For financial institutions, DORA effectively codifies requirements around ICT security risk management and outsourcing that are contained in a suite of guidelines produced by EU authorities, enhancing requirements they face in areas such as business continuity and disaster recovery and the reporting of major ICT-related incidents, as well as in relation to contractual arrangements they put in place with ICT third-party service providers.

DORA also provides for direct regulation of major technology providers to financial entities under a framework that would give powers to European supervisory authorities to designate specific ICT third-party service providers as subject to regulation and to then oversee their compliance.

Even though DORA will not apply directly in the UK, UK companies with business in Europe will be subject to its requirements. Even for those UK businesses that will be outside the scope of DORA, the legislation offers an insight into how UK policy and regulation around operational resilience is likely to develop.

Prudential Regulation Authority (PRA) rules around operational resilience began to take effect in 2022 and its expectations on firms will grow over time. There are things technology providers can do to support firms to comply and the PRA’s requirements should be reflected in service contracts. Separate plans have also outlined to subject ‘critical third parties’ – a term likely to include cloud computing providers and other technology suppliers – to direct regulation in the UK’s financial services sector on operational resilience grounds.

UK data reform

In June 2022, the then Boris Johnson-led UK government set out its plans to update UK data law following an extensive consultation exercise. At the heart of the plans was the concept of responsible use of personal data.

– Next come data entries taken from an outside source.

(* Let $\mathbb{A}$ be a Boolean algebra and $(\mathbb{B},\mu)$ a metric Boolean algebra. Let $(\varphi_n)$ be a sequence in $\mathcal{H}(\mathbb{A},\mathbb{B})$ converging pointwise metric to $\varphi\in\mathcal{H}(\mathbb{A},\mathbb{B})$. If the sequence $(\widehat{\mu}\circ f_{\varphi_n}^{-1})$ of Radon measures on $St(\mathbb{A})$ is uniformly countably additive, then $(\varphi_n)$ converges pointwise Borel metric to $\varphi$.
   Context: A metric Boolean algebra $(\mathbb{B},\mu)$ is a Boolean algebra with a strictly positive finitely additive probability measure $\mu$; $d_\mu(A,B)=\mu(A\triangle B)$. $\mathcal{H}(\mathbb{A},\mathbb{B})$ is the set of homomorphisms $\mathbb{A}\to\mathbb{B}$. Algebras are identified with clopen algebras of their Stone spaces $St(\cdot)$; $\widehat{\mu}$ is the unique Radon extension of $\mu$ to $St(\mathbb{B})$; $f_\varphi\colon St(\mathbb{B})\to St(\mathbb{A})$, $f_\varphi(x)=\varphi^{-1}[x]$. $(\varphi_n)$ converges pointwise metric to $\varphi$ if $d_\mu(\varphi_n(A),\varphi(A))\to0$ for each $A\in\mathbb{A}$; pointwise Borel metric if $\widehat{\mu}(f_{\varphi_n}^{-1}[B]\triangle f_\varphi^{-1}[B])\to0$ for every Borel $B\subseteq St(\mathbb{A})$. A sequence $(\mu_k)$ of Radon measures on a compact space $K$ is uniformly countably additive if for every decreasing sequence $(E_n)$ of Borel subsets of $K$ with $\bigcap_nE_n=\emptyset$ and every $\varepsilon>0$ there is $N$ with $|\mu_k(E_n)|<\varepsilon$ for all $n\ge N$ and all $k$. *)

From HB Require Import structures.
From mathcomp Require Import all_boot all_order all_algebra.
From mathcomp Require Import all_classical all_reals all_analysis.
Set Implicit Arguments. Unset Strict Implicit. Unset Printing Implicit Defensive.
Import Order.TTheory GRing.Theory Num.Theory.
Import numFieldNormedType.Exports.
Local Open Scope classical_set_scope.
Local Open Scope ring_scope.
(* Let $\gamma\in(0,2)$. Suppose $\boldsymbol{w}^k\in\mathbb{R}^{n+m}$, $\tilde{\boldsymbol{w}}^k=(\tilde{\boldsymbol{x}}^k,\tilde{\boldsymbol{\lambda}}^k)\in\Omega$, $r_k,s_k>0$ with $r_ks_k>\rho(\mathcal{D}\Phi(\tilde{\boldsymbol{x}}^k)\mathcal{D}\Phi(\tilde{\boldsymbol{x}}^k)^T)$, and that $$f(\boldsymbol{x})-f(\tilde{\boldsymbol{x}}^k)+(\boldsymbol{w}-\tilde{\boldsymbol{w}}^k)^T\{\boldsymbol{\Gamma}(\tilde{\boldsymbol{w}}^k)+\boldsymbol{\Sigma}_k(\tilde{\boldsymbol{w}}^k-\boldsymbol{w}^k)\}\ge 0\quad\forall\,\boldsymbol{w}=(\boldsymbol{x},\boldsymbol{\lambda})\in\Omega,$$ and let $\boldsymbol{w}^{k+1}=\boldsymbol{w}^k-\gamma(\boldsymbol{w}^k-\tilde{\boldsymbol{w}}^k)$. Then for every $\boldsymbol{w}^*\in\Omega^*$, $$\|\boldsymbol{w}^{k+1}-\boldsymbol{w}^*\|_{\boldsymbol{\Sigma}_k}^2\le\|\boldsymbol{w}^k-\boldsymbol{w}^*\|_{\boldsymbol{\Sigma}_k}^2-\gamma(2-\gamma)\|\tilde{\boldsymbol{w}}^k-\boldsymbol{w}^k\|_{\boldsymbol{\Sigma}_k}^2.$$
   Context: Standing setting: $\mathcal{X}\subset\mathbb{R}^n$ nonempty closed convex; $f:\mathbb{R}^n\to\mathbb{R}$ convex (not necessarily differentiable); $\phi_1,\dots,\phi_m:\mathbb{R}^n\to\mathbb{R}$ convex and continuously differentiable; $\Phi(\boldsymbol{x})=(\phi_1(\boldsymbol{x}),\dots,\phi_m(\boldsymbol{x}))^T$ with $m\times n$ Jacobian $\mathcal{D}\Phi(\boldsymbol{x})$ (rows $\nabla\phi_i(\boldsymbol{x})^T$). The problem is $\min\{f(\boldsymbol{x})\mid \phi_i(\boldsymbol{x})\le0,\ i=1,\dots,m,\ \boldsymbol{x}\in\mathcal{X}\}$. $\mathcal{Z}=\mathbb{R}^m_+$, $\Omega=\mathcal{X}\times\mathcal{Z}$, $\boldsymbol{w}=(\boldsymbol{x},\boldsymbol{\lambda})$, $\boldsymbol{\Gamma}(\boldsymbol{w})=(\mathcal{D}\Phi(\boldsymbol{x})^T\boldsymbol{\lambda},\,-\Phi(\boldsymbol{x}))$. $\Omega^*$ is the (assumed nonempty) set of $\boldsymbol{w}^*=(\boldsymbol{x}^*,\boldsymbol{\lambda}^* )\in\Omega$ with $f(\boldsymbol{x})-f(\boldsymbol{x}^* )+(\boldsymbol{w}-\boldsymbol{w}^* )^T\boldsymbol{\Gamma}(\boldsymbol{w}^* )\ge0$ for all $\boldsymbol{w}\in\Omega$ (equivalently, saddle points of the Lagrangian $f(\boldsymbol{x})+\boldsymbol{\lambda}^T\Phi(\boldsymbol{x})$ over $\mathcal{X}\times\mathbb{R}^m_+$). The relaxed-PPA proximal matrix is the symmetric matrix $\boldsymbol{\Sigma}_k=\begin{pmatrix} r_k\boldsymbol{I}_n & -\mathcal{D}\Phi(\tilde{\boldsymbol{x}}^k)^T\\ -\mathcal{D}\Phi(\tilde{\boldsymbol{x}}^k) & s_k\boldsymbol{I}_m\end{pmatrix}$, and $\|\boldsymbol{v}\|_{\boldsymbol{H}}^2=\boldsymbol{v}^T\boldsymbol{H}\boldsymbol{v}$; $\rho(\cdot)$ is the spectral radius. The variational inequality in the hypothesis is what the customized PPA step produces: $\tilde{\boldsymbol{x}}^k\in\arg\min_{\boldsymbol{x}\in\mathcal{X}}\{f(\boldsymbol{x})+(\boldsymbol{\lambda}^k)^T\Phi(\boldsymbol{x})+\frac{r_k}{2}\|\boldsymbol{x}-\boldsymbol{x}^k\|^2\}$ and $\tilde{\boldsymbol{\lambda}}^k=P_{\mathbb{R}^m_+}\big(\boldsymbol{\lambda}^k+\frac1{s_k}[\Phi(\tilde{\boldsymbol{x}}^k)+\mathcal{D}\Phi(\tilde{\boldsymbol{x}}^k)(\tilde{\boldsymbol{x}}^k-\boldsymbol{x}^k)]\big)$ with $\boldsymbol{\lambda}^k\ge0$. *)

From HB Require Import structures.
From mathcomp Require Import all_boot all_order all_algebra.
From mathcomp Require Import all_classical all_reals all_analysis.
From mathcomp Require Import complex.
Set Implicit Arguments. Unset Strict Implicit. Unset Printing Implicit Defensive.
Import Order.TTheory GRing.Theory Num.Theory.
Import numFieldNormedType.Exports.
Local Open Scope ring_scope.
Local Open Scope classical_set_scope.

Definition convex_fun (R : realType) (n : nat) (g : 'cV[R]_n -> R) : Prop :=
  forall x y (t : R), 0 <= t <= 1 ->
    g (t *: x + (1 - t) *: y) <= t * g x + (1 - t) * g y.

Definition nonneg_vec (R : realType) (m : nat) (l : 'cV[R]_m) : Prop :=
  forall i, 0 <= l i 0.

Definition PhiV (R : realType) (n m : nat) (phi : 'I_m -> 'cV[R]_n -> R)
  (x : 'cV[R]_n) : 'cV[R]_m := \col_i phi i x.

Definition Gam (R : realType) (n m : nat) (phi : 'I_m -> 'cV[R]_n -> R)
  (DPhi : 'cV[R]_n -> 'M[R]_(m, n)) (x : 'cV[R]_n) (l : 'cV[R]_m)
  : 'cV[R]_(n + m) :=
  col_mx (trmx (DPhi x) *m l) (- PhiV phi x).

Definition Omega_star (R : realType) (n m : nat) (X : set 'cV[R]_n)
  (f : 'cV[R]_n -> R) (phi : 'I_m -> 'cV[R]_n -> R)
  (DPhi : 'cV[R]_n -> 'M[R]_(m, n)) (xs : 'cV[R]_n) (ls : 'cV[R]_m) : Prop :=
  X xs /\ nonneg_vec ls /\
  forall x l, X x -> nonneg_vec l ->
    0 <= f x - f xs +
         ((trmx (col_mx x l - col_mx xs ls) *m Gam phi DPhi xs ls) 0 0).

Definition SigmaMx (R : realType) (n m : nat) (r s : R) (J : 'M[R]_(m, n))
  : 'M[R]_(n + m) :=
  block_mx (r%:M) (- trmx J) (- J) (s%:M).

Definition sqnormH (R : realType) (N : nat) (H : 'M[R]_N) (v : 'cV[R]_N) : R :=
  (trmx v *m H *m v) 0 0.

(* Spectral radius: sup of the moduli of the (complex) eigenvalues;
   sup of the empty set (m = 0) is 0 by the MathComp-Analysis convention. *)
Definition spectral_radius (R : realType) (m : nat) (A : 'M[R]_m) : R :=
  sup [set Normc.normc z | z in
         [set z : R[i] | eigenvalue (map_mx (fun a : R => a%:C%C) A) z]].

From HB Require Import structures.
From mathcomp Require Import all_boot all_order all_algebra.
From mathcomp Require Import all_classical all_reals all_analysis.
From mathcomp Require Import complex.
From mathcomp Require Import ring lra.
Import Order.TTheory GRing.Theory Num.Theory.
Import numFieldNormedType.Exports.
Local Open Scope ring_scope.
Local Open Scope classical_set_scope.

(* Write p = w~ - w_s, d = w~ - w^k.  Then w^{k+1} - w_s = p + (gamma - 1) d and
   w^k - w_s = p - d, so for any symmetric Sigma, expanding the quadratic forms,
     RHS - LHS = - 2 gamma <p, Sigma d>.
   Hence everything reduces to the cross term <p, Sigma d> being nonpositive.
   Adding the proximal variational inequality (tested at w = w_s) and the one
   defining w_s (tested at w = w~) gives <p, Sigma d> <= - <p, Gamma(w~) - Gamma(w_s)>,
   and Gamma is monotone on R^n x R^m_+ because each phi_i is convex and
   differentiable (gradient inequality) and the multipliers are nonnegative. *)

Lemma convex_gradient_ineq {R : realType} {n : nat} {g : 'cV[R]_n -> R} x y :
  convex_fun g -> differentiable g x -> 'd g x (y - x) <= g y - g x.
Proof.
move=> cvx_g dg; set v := y - x.
rewrite -deriveE //.
have dv : derivable g x v by exact: diff_derivable.
set q := (fun h : R => h^-1 *: ((g \o shift x) (h *: v) - g x)).
have cvg_q : q @ 0^' --> 'D_v g x by exact: dv.
have cvg_q_right : q @ 0^'+ --> 'D_v g x.
  move=> A /cvg_q /nbhs_ballP [e e0 eA]; exists e => //= z ze z0.
  by apply: eA => //; rewrite gt_eqF.
apply: (cvgr_to_le cvg_q_right).
near=> h.
have h0 : 0 < h by near: h; exact: nbhs_right_gt.
have h1 : h <= 1 by near: h; apply: nbhs_right_ltW; exact: ltr01.
(* the difference quotient along the chord is bounded by the secant slope *)
have -> : q h = (g (h *: v + x) - g x) / h by rewrite /q /= mulrC.
rewrite ler_pdivrMr //.
have -> : h *: v + x = h *: y + (1 - h) *: x.
  by rewrite /v scalerBr scalerBl scale1r -addrA (addrC (- _)).
have := cvx_g y x h; rewrite h1 (ltW h0) /= => /(_ isT); lra.
Unshelve. all: by end_near. Qed.

Section InnerProduct.
Variable R : realType.

Definition dotc (N : nat) (a b : 'cV[R]_N) : R := (trmx a *m b) 0 0.
Arguments dotc {N}.

Lemma dotcE N (a b : 'cV[R]_N) : dotc a b = \sum_i a i 0 * b i 0.
Proof. by rewrite /dotc mxE; apply: eq_bigr => i _; rewrite mxE. Qed.

Lemma dotcC N (a b : 'cV[R]_N) : dotc a b = dotc b a.
Proof. by rewrite !dotcE; apply: eq_bigr => i _; rewrite mulrC. Qed.

Lemma dotcDr N (a b c : 'cV[R]_N) : dotc a (b + c) = dotc a b + dotc a c.
Proof. by rewrite /dotc mulmxDr mxE. Qed.

Lemma dotcNr N (a b : 'cV[R]_N) : dotc a (- b) = - dotc a b.
Proof. by rewrite /dotc mulmxN mxE. Qed.

Lemma dotcZr N (a b : 'cV[R]_N) k : dotc a (k *: b) = k * dotc a b.
Proof. by rewrite /dotc -scalemxAr mxE. Qed.

Lemma dotcBr N (a b c : 'cV[R]_N) : dotc a (b - c) = dotc a b - dotc a c.
Proof. by rewrite dotcDr dotcNr. Qed.

Lemma dotcDl N (a b c : 'cV[R]_N) : dotc (b + c) a = dotc b a + dotc c a.
Proof. by rewrite dotcC dotcDr ![dotc a _]dotcC. Qed.

Lemma dotcNl N (a b : 'cV[R]_N) : dotc (- b) a = - dotc b a.
Proof. by rewrite dotcC dotcNr dotcC. Qed.

Lemma dotcZl N (a b : 'cV[R]_N) k : dotc (k *: b) a = k * dotc b a.
Proof. by rewrite dotcC dotcZr dotcC. Qed.

Lemma dotcBl N (a b c : 'cV[R]_N) : dotc (b - c) a = dotc b a - dotc c a.
Proof. by rewrite dotcDl dotcNl. Qed.

Lemma dotc_mulmx M N (A : 'M[R]_(M, N)) a b :
  dotc a (A *m b) = dotc (trmx A *m a) b.
Proof. by rewrite /dotc trmx_mul trmxK mulmxA. Qed.

Lemma dotc_col M N (a c : 'cV[R]_M) (b d : 'cV[R]_N) :
  dotc (col_mx a b) (col_mx c d) = dotc a c + dotc b d.
Proof. by rewrite /dotc tr_col_mx mul_row_col mxE. Qed.

Lemma dotc_ge0 N (a b : 'cV[R]_N) :
  (forall i, 0 <= a i 0) -> (forall i, 0 <= b i 0) -> 0 <= dotc a b.
Proof. by move=> ha hb; rewrite dotcE; apply: sumr_ge0 => i _; apply: mulr_ge0. Qed.

Lemma sqnormH_dotc N (S : 'M[R]_N) v : sqnormH S v = dotc v (S *m v).
Proof. by rewrite /sqnormH /dotc mulmxA. Qed.

Lemma sqnormH_line N (S : 'M[R]_N) (p d : 'cV[R]_N) c : trmx S = S ->
  sqnormH S (p + c *: d) =
  sqnormH S p + 2 * c * dotc p (S *m d) + c ^+ 2 * sqnormH S d.
Proof.
move=> symS; rewrite !sqnormH_dotc.
have cross : dotc d (S *m p) = dotc p (S *m d) by rewrite dotc_mulmx symS dotcC.
by rewrite mulmxDr -scalemxAr !(dotcDl, dotcDr, dotcZl, dotcZr) cross; ring.
Qed.

Lemma relaxed_step_contraction {N} {S : 'M[R]_N} {wk wt ws : 'cV[R]_N} {gamma} :
  trmx S = S -> 0 <= gamma -> dotc (wt - ws) (S *m (wt - wk)) <= 0 ->
  sqnormH S (wk - gamma *: (wk - wt) - ws) <=
    sqnormH S (wk - ws) - gamma * (2 - gamma) * sqnormH S (wt - wk).
Proof.
move=> symS g0 cross_le0; set p := wt - ws; set d := wt - wk.
have -> : wk - gamma *: (wk - wt) - ws = p + (gamma - 1) *: d.
  by apply/matrixP => i j; rewrite /p /d !mxE; ring.
have -> : wk - ws = p + (-1) *: d.
  by apply/matrixP => i j; rewrite /p /d !mxE; ring.
rewrite !sqnormH_line //; nra.
Qed.

End InnerProduct.
Arguments dotc {R N}.

Lemma SigmaMx_sym {R : realType} {n m : nat} (r s : R) (J : 'M[R]_(m, n)) :
  trmx (SigmaMx r s J) = SigmaMx r s J.
Proof. by rewrite /SigmaMx tr_block_mx !tr_scalar_mx !linearN /= trmxK. Qed.

Section Monotonicity.
Variables (R : realType) (n m : nat).
Variables (phi : 'I_m -> 'cV[R]_n -> R) (DPhi : 'cV[R]_n -> 'M[R]_(m, n)).
Hypothesis phi_convex : forall i, convex_fun (phi i).
Hypothesis phi_diff : forall i x, differentiable (phi i) x /\
  forall v, 'd (phi i) x v = \sum_(j < n) DPhi x i j * v j 0.

Lemma Phi_linearization i x y :
  (DPhi x *m (y - x)) i 0 <= phi i y - phi i x.
Proof.
have [dx dE] := phi_diff i x.
by have := convex_gradient_ineq x y (phi_convex i) dx; rewrite dE mxE.
Qed.

(* Gamma is monotone on R^n x R^m_+:
   <w1 - w2, Gamma(w1) - Gamma(w2)>
     = <l1, Phi(x2) - Phi(x1) + DPhi(x1)(x1 - x2)>
     + <l2, Phi(x1) - Phi(x2) - DPhi(x2)(x1 - x2)>  >= 0. *)
Lemma Gam_monotone x1 l1 x2 l2 : nonneg_vec l1 -> nonneg_vec l2 ->
  0 <= dotc (col_mx x1 l1 - col_mx x2 l2)
            (Gam phi DPhi x1 l1 - Gam phi DPhi x2 l2).
Proof.
move=> l1_ge0 l2_ge0.
have lin1 : 0 <= dotc l1 (PhiV phi x2 - PhiV phi x1 + DPhi x1 *m (x1 - x2)).
  apply: dotc_ge0 => // i.
  have := Phi_linearization i x1 x2; rewrite -[x2 - x1]opprB mulmxN !mxE; lra.
have lin2 : 0 <= dotc l2 (PhiV phi x1 - PhiV phi x2 - DPhi x2 *m (x1 - x2)).
  apply: dotc_ge0 => // i.
  have := Phi_linearization i x2 x1; rewrite !mxE; lra.
rewrite opp_col_mx add_col_mx /Gam opp_col_mx add_col_mx dotc_col.
rewrite dotcBr ![dotc (x1 - x2) _]dotcC -!dotc_mulmx.
rewrite !(dotcDr, dotcBr, dotcNr, dotcBl) in lin1 lin2 *.
lra.
Qed.

Lemma proximal_cross_term_nonpos (X : set 'cV[R]_n) (f : 'cV[R]_n -> R)
    (S : 'M[R]_(n + m)) xk lk xt lt xs ls :
  X xt -> nonneg_vec lt ->
  (forall x l, X x -> nonneg_vec l ->
     0 <= f x - f xt +
       ((trmx (col_mx x l - col_mx xt lt) *m
          (Gam phi DPhi xt lt + S *m (col_mx xt lt - col_mx xk lk))) 0 0)) ->
  Omega_star X f phi DPhi xs ls ->
  dotc (col_mx xt lt - col_mx xs ls) (S *m (col_mx xt lt - col_mx xk lk)) <= 0.
Proof.
move=> Xt lt_ge0 prox_vi [Xs [ls_ge0 sol_vi]].
have vi_t := prox_vi xs ls Xs ls_ge0; have vi_s := sol_vi xt lt Xt lt_ge0.
have mono := Gam_monotone xt lt xs ls lt_ge0 ls_ge0.
rewrite -/(dotc _ _) -[col_mx xs ls - _]opprB dotcNl dotcDr in vi_t.
rewrite -/(dotc _ _) in vi_s; rewrite dotcBr in mono.
lra.
Qed.

End Monotonicity.
Arguments proximal_cross_term_nonpos {R n m phi DPhi} _ _ {X f S xk lk xt lt xs ls}.

Theorem theorem1 (R : realType) (n m : nat)
  (X : set 'cV[R]_n) (f : 'cV[R]_n -> R)
  (phi : 'I_m -> 'cV[R]_n -> R) (DPhi : 'cV[R]_n -> 'M[R]_(m, n))
  (gamma r s : R) (xk xt : 'cV[R]_n) (lk lt : 'cV[R]_m) :
  (* standing setting *)
  X !=set0 -> closed X -> convex_set X ->
  convex_fun f ->
  (forall i, convex_fun (phi i)) ->
  (forall i x, differentiable (phi i) x /\
     forall v, 'd (phi i) x v = \sum_(j < n) DPhi x i j * v j 0) ->
  continuous DPhi ->
  (* hypotheses of the theorem *)
  0 < gamma < 2 ->
  X xt -> nonneg_vec lt ->
  0 < r -> 0 < s ->
  spectral_radius (DPhi xt *m trmx (DPhi xt)) < r * s ->
  (forall x l, X x -> nonneg_vec l ->
     0 <= f x - f xt +
       ((trmx (col_mx x l - col_mx xt lt) *m
          (Gam phi DPhi xt lt +
           SigmaMx r s (DPhi xt) *m (col_mx xt lt - col_mx xk lk))) 0 0)) ->
  forall xs ls, Omega_star X f phi DPhi xs ls ->
  let wk := col_mx xk lk in
  let wt := col_mx xt lt in
  let ws := col_mx xs ls in
  let wk1 := wk - gamma *: (wk - wt) in
  let Sig := SigmaMx r s (DPhi xt) in
  sqnormH Sig (wk1 - ws) <=
    sqnormH Sig (wk - ws) - gamma * (2 - gamma) * sqnormH Sig (wt - wk).
Proof.
move=> _ _ _ _ phi_convex phi_diff _ /andP[gamma_gt0 _] Xt lt_ge0 _ _ _
  prox_vi xs ls sol; cbv zeta.
have cross_le0 :=
  proximal_cross_term_nonpos phi_convex phi_diff Xt lt_ge0 prox_vi sol.
exact: relaxed_step_contraction (SigmaMx_sym _ _ _) (ltW gamma_gt0) cross_le0.
Qed.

Publication of the government’s policy paper was followed in July 2023 with the introduction of a new UK Data Protection and Digital Information Bill into parliament, with significant changes proposed to the current data protection regime. However, amidst leadership changes at the heart within the governing Conservative party, a second reading of the Bill was postponed. The Bill remains before the House of Commons, meaning businesses must wait to see how the UK landscape on privacy regulation and enforcement will change.

Mass actions

A series of court decisions have tempered what was a potential onslaught of mass action claims being brought against organisations in the aftermath of cyber incidents. The limitation of damages for “loss of control”, coupled with the finding that cyber attacks would not provide grounds for a claim of misuse of private information (MOPI) or breach of confidence – with the corollary effect that ATE premiums are not recoverable – together mean that we have not yet seen successful damages claim proceed through the UK courts on a mass basis.

However, the mass actions landscape is evolving. There has been growing pressure in recent years to ensure that effective, affordable routes exist for bringing mass actions, particularly by consumers. In the EU, member states had until 25 December 2022 to transpose the EU Directive on Representative Actions for the Protection of the Collective Interests of Consumers (RAD) into their national legal systems. RAD requires that by June 2023, EU member states must have in place at least one procedural mechanism which meets minimum standards, for consumers to seek collective redress.

RAD does not apply within the UK, where there are already court procedures to enable the bringing of group litigation. Nonetheless, perhaps it is an early sign that the issue of “access to justice” for individuals, where efficiency can be created through mass actions, will remain an area of key focus, and an agenda which claimant law firms will be motivated to explore.